### [What to work on]
How many lines of the listing contain the string "apply"? Only the number is wanted.

### [Dataset extract]

Lemma ucvg_L_quotient (l : R) : 0 < l ->
  ucvg_at0 (fun h => h != 0) (fun h x => (L (l + h) x - L l x) / h)
    (fun x => - Rs l (L l) x).
Proof.
move=> hl; have := ucvg_at0_Z (-1) (ucvg_resolvent_cst compactS fellerT resolventRs
                                     (fun h => h != 0) hl (contL hl)).
apply: ucvg_at0_eq (divr_gt0 hl (ltr0Sn _ 1)) _ _ => [h x h0 hh|x]; last by ring.
have := congr1 (@^~ x) (resolvent_eqn (addr_gt0_half hh) hl) => /=.
rewrite (_ : l + h - l = h) => [E|]; last by ring.
by rewrite (_ : L (l + h) x = L l x - h * Rs (l + h) (L l) x); [field | rewrite E; ring].
Qed.

Lemma ucvg_iter_resolvent_quotient (l : R) (k : nat) : 0 < l ->
  ucvg_at0 (fun h => h != 0)
    (fun h x => (iter k (Rs (l + h)) (L (l + h)) x - iter k (Rs l) (L l) x) / h)
    (fun x => - k.+1%:R * iter k.+1 (Rs l) (L l) x).
Proof.
move=> hl; elim: k => [|k IH].
  by apply: ucvg_at0_eq ltr01 _ _ (ucvg_L_quotient hl) => // x /=; ring.
have cP0 := continuous_iter_resolvent (k := k) hl.
have cP1 := resolvent_continuous resolventRs hl cP0.
set P0 := iter k (Rs l) (L l) in IH cP0 cP1 *; set P1 := Rs l P0 in cP1 *.
change (iter k.+1 (Rs l) (L l)) with P1 in IH.
have cPk h : `|h| < l / 2 -> continuous (iter k (Rs (l + h)) (L (l + h))).
  by move=> hh; apply: continuous_iter_resolvent (addr_gt0_half hh).
have cF h : h != 0 -> `|h| < l / 2 -> continuous
    (fun x => (iter k (Rs (l + h)) (L (l + h)) x - P0 x) / h - P1 x).
  move=> _ hh x; apply: cvgB; last exact: cP1.
  by apply: cvgMl; apply: cvgB; [apply: cPk | apply: cP0].
have cG : continuous (fun x => - k.+2%:R * P1 x) by move=> x; apply: cvgMr; apply: cP1.
have QP1 : ucvg_at0 (fun h => h != 0)
    (fun h x => (iter k (Rs (l + h)) (L (l + h)) x - P0 x) / h - P1 x)
    (fun x => - k.+2%:R * P1 x).
  by apply: ucvg_at0_eq ltr01 _ _ (ucvg_at0_lin 1 IH (ucvg_at0_cst _ (fun x => - P1 x)))
    => [*|x]; ring.
have := ucvg_resolvent compactS fellerT resolventRs hl cF cG QP1.
apply: ucvg_at0_eq (divr_gt0 hl (ltr0Sn _ 1)) _ _ => [h x h0 hh|x].
  have hlh := addr_gt0_half hh.
  by rewrite (resolvent_diff_quotient fellerT resolventRs hl hlh h0 (cPk h hh) cP0).
by rewrite (resolventZ fellerT resolventRs _ hl cP1).
Qed.

End IteratedResolventDerivative.

Lemma has_uderiv_ucvg_at0 (R : realType) (S : metricType R) (F : R -> S -> R)
    (l : R) (G : S -> R) :
  ucvg_at0 (fun h => h != 0) (fun h x => (F (l + h) x - F l x) / h) G ->
  has_uderiv F l G.
Proof. exact. Qed.

Theorem proposition1 (R : realType) (S : metricType R)
  (T : R -> op) (Rs : R -> op) (L : R -> S -> R) :
  compact [set: S] ->
  (exists D : set S, countable D /\ dense D) ->
  feller_semigroup T ->
  is_resolvent T Rs ->
  (forall m, 0 < m -> continuous (L m)) ->
  locally_bounded L ->
  (forall l m, 0 < l -> 0 < m ->
     (fun x => (l - m) * Rs l (L m) x) = (fun x => L m x - L l x)) ->
  forall (n : nat) (l : R), 0 < l ->
    has_uderiv
      (fun m x => (-1) ^+ n * n`!%:R * iter n (Rs m) (L m) x) l
      (fun x => (-1) ^+ n.+1 * n.+1`!%:R * iter n.+1 (Rs l) (L l) x).
Proof.
move=> compactS _ fellerT resolventRs contL _ resolvent_eqn n l hl.
apply: has_uderiv_ucvg_at0.
have := ucvg_at0_Z ((-1) ^+ n * n`!%:R)
  (ucvg_iter_resolvent_quotient compactS fellerT resolventRs contL resolvent_eqn n hl).
apply: ucvg_at0_eq ltr01 _ _ => [h x h0 _|x]; first by field.
by rewrite exprS factS natrM; ring.
Qed.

### [Exercise output]
10